Scan the listing below for the string "mpyb" and copy each line where it turns up.
[Start of Attachment]
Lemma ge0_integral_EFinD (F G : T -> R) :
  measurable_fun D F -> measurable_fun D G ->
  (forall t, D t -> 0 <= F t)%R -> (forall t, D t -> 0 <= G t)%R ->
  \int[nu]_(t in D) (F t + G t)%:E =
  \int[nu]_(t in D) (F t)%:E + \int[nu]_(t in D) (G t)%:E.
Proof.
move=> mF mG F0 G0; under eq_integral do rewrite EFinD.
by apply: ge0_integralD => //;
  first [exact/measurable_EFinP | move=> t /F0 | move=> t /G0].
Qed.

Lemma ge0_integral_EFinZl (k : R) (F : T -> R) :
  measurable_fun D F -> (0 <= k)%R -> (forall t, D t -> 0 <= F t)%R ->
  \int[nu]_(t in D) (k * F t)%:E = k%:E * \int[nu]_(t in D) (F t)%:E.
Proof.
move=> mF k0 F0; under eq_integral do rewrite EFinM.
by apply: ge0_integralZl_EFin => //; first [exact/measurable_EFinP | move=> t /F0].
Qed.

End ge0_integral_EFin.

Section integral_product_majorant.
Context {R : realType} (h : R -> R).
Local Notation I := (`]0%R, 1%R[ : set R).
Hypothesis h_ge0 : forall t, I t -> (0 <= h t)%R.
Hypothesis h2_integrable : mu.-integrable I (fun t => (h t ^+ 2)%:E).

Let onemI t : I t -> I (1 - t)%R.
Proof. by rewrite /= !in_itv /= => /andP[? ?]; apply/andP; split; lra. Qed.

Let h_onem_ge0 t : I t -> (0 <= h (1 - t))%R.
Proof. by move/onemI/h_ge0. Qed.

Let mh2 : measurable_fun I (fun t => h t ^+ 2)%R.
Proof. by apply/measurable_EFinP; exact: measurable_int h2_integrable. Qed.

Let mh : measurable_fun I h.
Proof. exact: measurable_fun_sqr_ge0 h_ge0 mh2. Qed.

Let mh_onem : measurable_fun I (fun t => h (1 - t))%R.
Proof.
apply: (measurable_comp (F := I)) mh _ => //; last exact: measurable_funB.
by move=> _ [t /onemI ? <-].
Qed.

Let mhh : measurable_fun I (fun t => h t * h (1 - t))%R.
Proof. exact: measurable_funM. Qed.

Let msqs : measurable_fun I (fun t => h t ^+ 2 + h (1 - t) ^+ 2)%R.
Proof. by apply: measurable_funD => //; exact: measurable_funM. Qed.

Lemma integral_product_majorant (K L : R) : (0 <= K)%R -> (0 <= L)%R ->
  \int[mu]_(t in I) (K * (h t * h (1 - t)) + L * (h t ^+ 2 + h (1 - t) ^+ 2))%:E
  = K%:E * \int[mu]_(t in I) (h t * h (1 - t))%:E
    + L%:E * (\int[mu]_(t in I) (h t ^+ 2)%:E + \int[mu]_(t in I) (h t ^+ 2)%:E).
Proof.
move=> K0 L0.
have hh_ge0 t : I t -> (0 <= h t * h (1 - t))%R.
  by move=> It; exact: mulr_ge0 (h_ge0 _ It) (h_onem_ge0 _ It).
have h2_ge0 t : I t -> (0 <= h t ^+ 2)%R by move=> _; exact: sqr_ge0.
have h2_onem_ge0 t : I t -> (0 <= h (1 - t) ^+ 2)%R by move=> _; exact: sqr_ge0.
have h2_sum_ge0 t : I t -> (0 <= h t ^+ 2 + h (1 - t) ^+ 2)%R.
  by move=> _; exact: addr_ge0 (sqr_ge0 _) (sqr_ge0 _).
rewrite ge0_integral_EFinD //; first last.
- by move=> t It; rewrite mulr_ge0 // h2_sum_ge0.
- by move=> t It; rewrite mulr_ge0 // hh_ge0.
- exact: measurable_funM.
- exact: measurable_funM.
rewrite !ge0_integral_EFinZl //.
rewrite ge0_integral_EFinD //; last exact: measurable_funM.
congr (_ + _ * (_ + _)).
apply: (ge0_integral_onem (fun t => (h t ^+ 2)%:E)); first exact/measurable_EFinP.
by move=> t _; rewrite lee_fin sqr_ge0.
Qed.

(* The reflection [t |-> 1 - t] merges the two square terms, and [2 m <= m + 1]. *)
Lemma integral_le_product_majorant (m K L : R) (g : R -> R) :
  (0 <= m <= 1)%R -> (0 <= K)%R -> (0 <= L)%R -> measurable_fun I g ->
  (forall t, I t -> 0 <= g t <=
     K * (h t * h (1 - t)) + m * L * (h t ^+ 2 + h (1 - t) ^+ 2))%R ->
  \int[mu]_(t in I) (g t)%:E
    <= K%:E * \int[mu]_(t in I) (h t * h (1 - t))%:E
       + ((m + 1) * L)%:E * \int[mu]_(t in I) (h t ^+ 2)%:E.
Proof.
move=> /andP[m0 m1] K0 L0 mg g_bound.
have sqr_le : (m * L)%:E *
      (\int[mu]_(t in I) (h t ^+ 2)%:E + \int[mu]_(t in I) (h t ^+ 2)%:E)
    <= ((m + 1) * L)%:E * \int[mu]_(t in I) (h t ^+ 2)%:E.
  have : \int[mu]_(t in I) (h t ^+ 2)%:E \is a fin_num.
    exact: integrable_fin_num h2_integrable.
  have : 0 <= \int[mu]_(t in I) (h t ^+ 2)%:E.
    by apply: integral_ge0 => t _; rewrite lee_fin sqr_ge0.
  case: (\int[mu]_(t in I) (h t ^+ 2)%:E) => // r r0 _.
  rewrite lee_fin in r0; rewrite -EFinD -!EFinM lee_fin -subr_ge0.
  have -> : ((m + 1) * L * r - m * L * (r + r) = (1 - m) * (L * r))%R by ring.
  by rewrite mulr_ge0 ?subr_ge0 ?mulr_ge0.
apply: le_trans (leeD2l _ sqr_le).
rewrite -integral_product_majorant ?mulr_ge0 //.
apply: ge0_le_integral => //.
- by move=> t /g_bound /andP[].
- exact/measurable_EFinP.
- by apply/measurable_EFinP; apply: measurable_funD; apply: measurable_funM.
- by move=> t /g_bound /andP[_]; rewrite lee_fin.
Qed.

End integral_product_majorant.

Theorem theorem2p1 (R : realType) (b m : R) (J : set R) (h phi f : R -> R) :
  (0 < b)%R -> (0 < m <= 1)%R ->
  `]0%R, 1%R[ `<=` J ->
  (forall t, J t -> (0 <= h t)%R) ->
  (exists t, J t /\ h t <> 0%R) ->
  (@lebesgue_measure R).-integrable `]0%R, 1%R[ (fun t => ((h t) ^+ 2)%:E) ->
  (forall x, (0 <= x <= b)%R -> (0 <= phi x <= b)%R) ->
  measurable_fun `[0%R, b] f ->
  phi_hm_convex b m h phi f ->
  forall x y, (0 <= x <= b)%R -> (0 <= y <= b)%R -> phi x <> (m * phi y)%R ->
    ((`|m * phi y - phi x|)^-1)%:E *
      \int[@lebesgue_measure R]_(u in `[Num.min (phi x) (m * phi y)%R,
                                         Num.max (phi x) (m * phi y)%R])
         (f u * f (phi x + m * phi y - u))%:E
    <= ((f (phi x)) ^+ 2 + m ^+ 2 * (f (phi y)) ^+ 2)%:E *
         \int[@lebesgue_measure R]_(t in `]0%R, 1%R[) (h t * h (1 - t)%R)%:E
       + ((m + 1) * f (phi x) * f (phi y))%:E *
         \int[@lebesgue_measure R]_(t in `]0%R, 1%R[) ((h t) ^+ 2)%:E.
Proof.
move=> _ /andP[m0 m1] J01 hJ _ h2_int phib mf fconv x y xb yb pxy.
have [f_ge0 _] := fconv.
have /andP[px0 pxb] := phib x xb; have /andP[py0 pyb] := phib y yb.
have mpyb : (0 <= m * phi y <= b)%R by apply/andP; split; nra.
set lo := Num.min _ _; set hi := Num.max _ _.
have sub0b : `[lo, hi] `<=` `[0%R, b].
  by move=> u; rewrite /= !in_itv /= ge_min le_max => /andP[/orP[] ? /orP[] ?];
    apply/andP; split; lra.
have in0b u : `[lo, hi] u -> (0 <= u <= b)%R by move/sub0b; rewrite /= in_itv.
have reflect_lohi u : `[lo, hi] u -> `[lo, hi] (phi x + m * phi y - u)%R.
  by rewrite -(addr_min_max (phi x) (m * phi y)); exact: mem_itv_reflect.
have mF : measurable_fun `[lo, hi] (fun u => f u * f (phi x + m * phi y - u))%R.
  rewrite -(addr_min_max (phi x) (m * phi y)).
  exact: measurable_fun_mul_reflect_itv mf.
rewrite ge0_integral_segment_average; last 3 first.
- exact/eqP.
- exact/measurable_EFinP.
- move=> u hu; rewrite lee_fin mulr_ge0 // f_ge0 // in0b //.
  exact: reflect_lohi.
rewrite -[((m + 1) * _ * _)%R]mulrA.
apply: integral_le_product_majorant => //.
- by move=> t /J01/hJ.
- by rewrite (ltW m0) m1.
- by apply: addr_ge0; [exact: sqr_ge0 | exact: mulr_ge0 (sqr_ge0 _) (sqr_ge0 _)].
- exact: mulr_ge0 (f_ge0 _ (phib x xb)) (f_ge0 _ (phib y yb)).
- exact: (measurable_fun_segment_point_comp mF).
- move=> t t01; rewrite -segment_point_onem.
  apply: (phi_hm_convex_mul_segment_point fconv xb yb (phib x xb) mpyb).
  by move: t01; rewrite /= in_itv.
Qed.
[End of Attachment]
• **Response to this task**:
have mpyb : (0 <= m * phi y <= b)%R by apply/andP; split; nra.
  apply: (phi_hm_convex_mul_segment_point fconv xb yb (phib x xb) mpyb).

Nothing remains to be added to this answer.